Selon Emily Destailler, médecin dans le Nord, « le public de ces enseignes est attiré logiquement par toutes les méthodes naturelles, parfois à l’extrême », persuadé que la médecine douce est plus efficace que la médecine conventionnelle. Thibault Ducarn, salarié de Robin des Bois, association gérant une épicerie bio, refusait de le diffuser car l’éthique du journal. Mais ce qui l’a définitivement dissuadé de le faire est le contenu douteux des articles, comme celui publié sur le respirianisme.

Paule Latino-Martel, coordinatrice du réseau National Alimentation Cancer Recherche (NACRe) prévient du danger que le journal fait courir aux malades du cancer qui pourraient suivre les recommandations alimentaires anti-cancer diffusées dans ses colonnes.
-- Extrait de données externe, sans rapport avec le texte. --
(* The gap argument picks a threshold t_i with
   no class size in (t_i, t_(i+1)]; the heavy classes above t_i then satisfy
   the hypotheses of [full_kernel]. *)
Lemma heavy_kernel : r <= n -> k + (r - k) * stab_const r k < n ->
  'C(n - k, r - k) <= #|H| -> exists2 X : {set 'I_n}, #|X| = (2 * k).-1 &
    forall D : {set 'I_n}, D \subset X -> #|D| = k -> D \in CC.
Proof.
move=> rn n_big HN; have [A0 A0C A0big] := some_heavy_class rn n_big HN.
have [i iC window_free] := threshold_gap CC (fun A => #|trace_class H W A|)
  (thresholds_succ (r * #|stray H CC W|) #|W|).
pose Heavy := heavy H CC W (Tf i).
have in_CC A : A \in Heavy -> A \in CC by rewrite inE => /andP[].
have bigA A : A \in Heavy -> r * #|stray H CC W| + #|W| * Tf i < #|trace_class H W A|.
  rewrite inE => /andP[AinC heavyA]; move: (window_free A AinC).
  rewrite heavyA andTb -ltnNge; apply: leq_ltn_trans.
  by rewrite /Tf /thresholds iterS leq_addr.
have Heavy_unif A : A \in Heavy -> #|A| = k by move/in_CC/kcovers_card.
have Heavy_int A B : A \in Heavy -> B \in Heavy -> A :&: B != set0.
  by move=> AH /in_CC; apply: heavy_meets_kcovers AH.
have Heavy_codeg : codeg_at_least k Heavy.
  move=> A AH x xA.
  exact: (heavy_codeg H_unif H_codeg kcovers_sub (in_CC A AH) xA (bigA A AH)).
have Heavy_ne : Heavy != set0.
  apply/set0Pn; exists A0; rewrite inE A0C /=.
  by apply: leq_ltn_trans A0big; apply: thresholds_monotone.
have [X cX allX] := full_kernel Heavy_unif Heavy_int Heavy_codeg Heavy_ne.
by exists X => // D sDX cD; apply/in_CC/allX.
Qed.

End Stability.

(* Once all k-subsets of a (2k-1)-set X are k-covers, every edge has at least
   k vertices in X, so H lies inside the kernel system of X; maximality then
   forces equality. *)
Lemma kernel_system_of_covers n r k (H : {set {set 'I_n}}) (X : {set 'I_n}) :
  (forall E, E \in H -> #|E| = r) -> #|X| = (2 * k).-1 ->
  (forall D : {set 'I_n}, D \subset X -> #|D| = k -> D \in kcovers k H) ->
  #|kernel_family r k X| <= #|H| -> kernel_system r k H.
Proof.
move=> H_unif cX covX hmax; exists X; split => //.
apply/eqP; rewrite eqEcard hmax andbT.
apply/subsetP=> E EH; rewrite inE (H_unif E EH) eqxx /=.
apply: meets_all_ksubsets; first by rewrite cX.
by move=> D sDX cD; move: (covX D sDX cD); rewrite inE => /andP[_ /forall_inP]; apply.
Qed.

Lemma card_ge_kernel_bound n r k (H : {set {set 'I_n}}) :
  0 < k -> k <= r -> (2 * k).-1 <= n ->
  (forall X : {set 'I_n}, #|X| = (2 * k).-1 -> #|kernel_family r k X| <= #|H|) ->
  'C(n - k, r - k) <= #|H|.
Proof.
move=> k_gt0 k_le_r kn hmax.
have [X _ cX] : exists2 X : {set 'I_n}, X \subset [set: 'I_n] & #|X| = (2 * k).-1.
  by apply: subset_of_card; rewrite cardsT card_ord.
exact: leq_trans (card_kernel_ge k_gt0 k_le_r cX) (hmax X cX).
Qed.

(* For k = r the family H itself satisfies the hypotheses of [full_kernel];
   its members are r-covers since H is intersecting. *)
Lemma diagonal_kernel n r (H : {set {set 'I_n}}) :
  (forall E, E \in H -> #|E| = r) ->
  (forall E F, E \in H -> F \in H -> E :&: F != set0) ->
  codeg_at_least r H -> H != set0 -> exists2 X : {set 'I_n}, #|X| = (2 * r).-1 &
    forall D : {set 'I_n}, D \subset X -> #|D| = r -> D \in kcovers r H.
Proof.
move=> H_unif H_int H_codeg H_ne.
have [X cX allX] := full_kernel H_unif H_int H_codeg H_ne.
exists X => // D sDX cD; rewrite inE cD eqxx /=.
by apply/forall_inP=> F; apply: H_int; apply: allX.
Qed.

Lemma codeg_from_min_pos n r k (H : {set {set 'I_n}}) :
  (forall E, E \in H -> #|E| = r) -> H != set0 -> k <= min_pos_codeg r H ->
  codeg_at_least k H.
Proof.
move=> H_unif H_ne kmin E EH x xE; apply: leq_trans kmin _.
rewrite /min_pos_codeg (negbTE H_ne).
apply: (bigmin_le (P := fun S : {set 'I_n} => (#|S| == r.-1) && (0 < codeg H S))).
have cEx : #|E :\ x| = r.-1 by rewrite -(H_unif E EH) (cardsD1 x E) xE add1n.
apply/andP; split; first by rewrite cEx.
by rewrite card_gt0; apply/set0Pn; exists E; rewrite in_star EH subsetDl.
Qed.

Theorem theorem1 (r k : nat) :
  1 <= k -> k <= r ->
  exists n0 : nat, forall n : nat, n0 <= n ->
    forall H : {set {set 'I_n}},
      uniform r H -> intersecting H -> k <= min_pos_codeg r H ->
      (forall H' : {set {set 'I_n}},
          uniform r H' -> intersecting H' -> k <= min_pos_codeg r H' ->
          #|H'| <= #|H|) ->
      kernel_system r k H.
Proof.
move=> k_gt0 k_le_r; exists (r + 2 * k + (r - k) * stab_const r k + 1).
move=> n n_big H unifH intH kmin maxH.
have H_ne : H != set0.
  by apply: contraTneq kmin => ->; rewrite /min_pos_codeg eqxx -ltnNge.
have H_unif E : E \in H -> #|E| = r.
  by move=> EH; move/forall_inP: unifH => /(_ E EH) /eqP.
have H_int E F : E \in H -> F \in H -> E :&: F != set0.
  by move=> EH FH; move/forall_inP: intH => /(_ E EH) /forall_inP; apply.
have H_codeg := codeg_from_min_pos H_unif H_ne kmin.
have hmax (X : {set 'I_n}) : #|X| = (2 * k).-1 -> #|kernel_family r k X| <= #|H|.
  move=> cX; have rkn : r + k <= n.+1 by lia.
  by have [] := kernel_admissible k_gt0 k_le_r cX rkn; apply: maxH.
have [X cX covX] : exists2 X : {set 'I_n}, #|X| = (2 * k).-1 &
    forall D : {set 'I_n}, D \subset X -> #|D| = k -> D \in kcovers k H.
  case: (ltnP k r) => [k_lt_r | r_le_k].
    apply: (heavy_kernel k_lt_r H_unif H_int H_codeg H_ne); try lia.
    by apply: card_ge_kernel_bound hmax => //; lia.
  have ekr : k = r by apply/eqP; rewrite eqn_leq k_le_r r_le_k.
  by subst k; apply: diagonal_kernel.
exact: kernel_system_of_covers H_unif cX covX (hmax X cX).
Qed.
Interrogés par les journalistes de LCI, les propriétaires de magasins bio ont des avis divergents. Si certains assument pleinement, et assurent que leur clientèle l’attend chaque mois, d’autre comme les Nouveaux Robinson ou La Vie Claire ont demandé à leurs franchisés de le retirer de leurs rayons, chacun ayant le choix de le faire ou non.

Quant à la BioCoop, si elle diffuse son propre magazine, « Culture bio », elle laisse le choix à chacun des magasins de laisser ou deretirer Biocontact.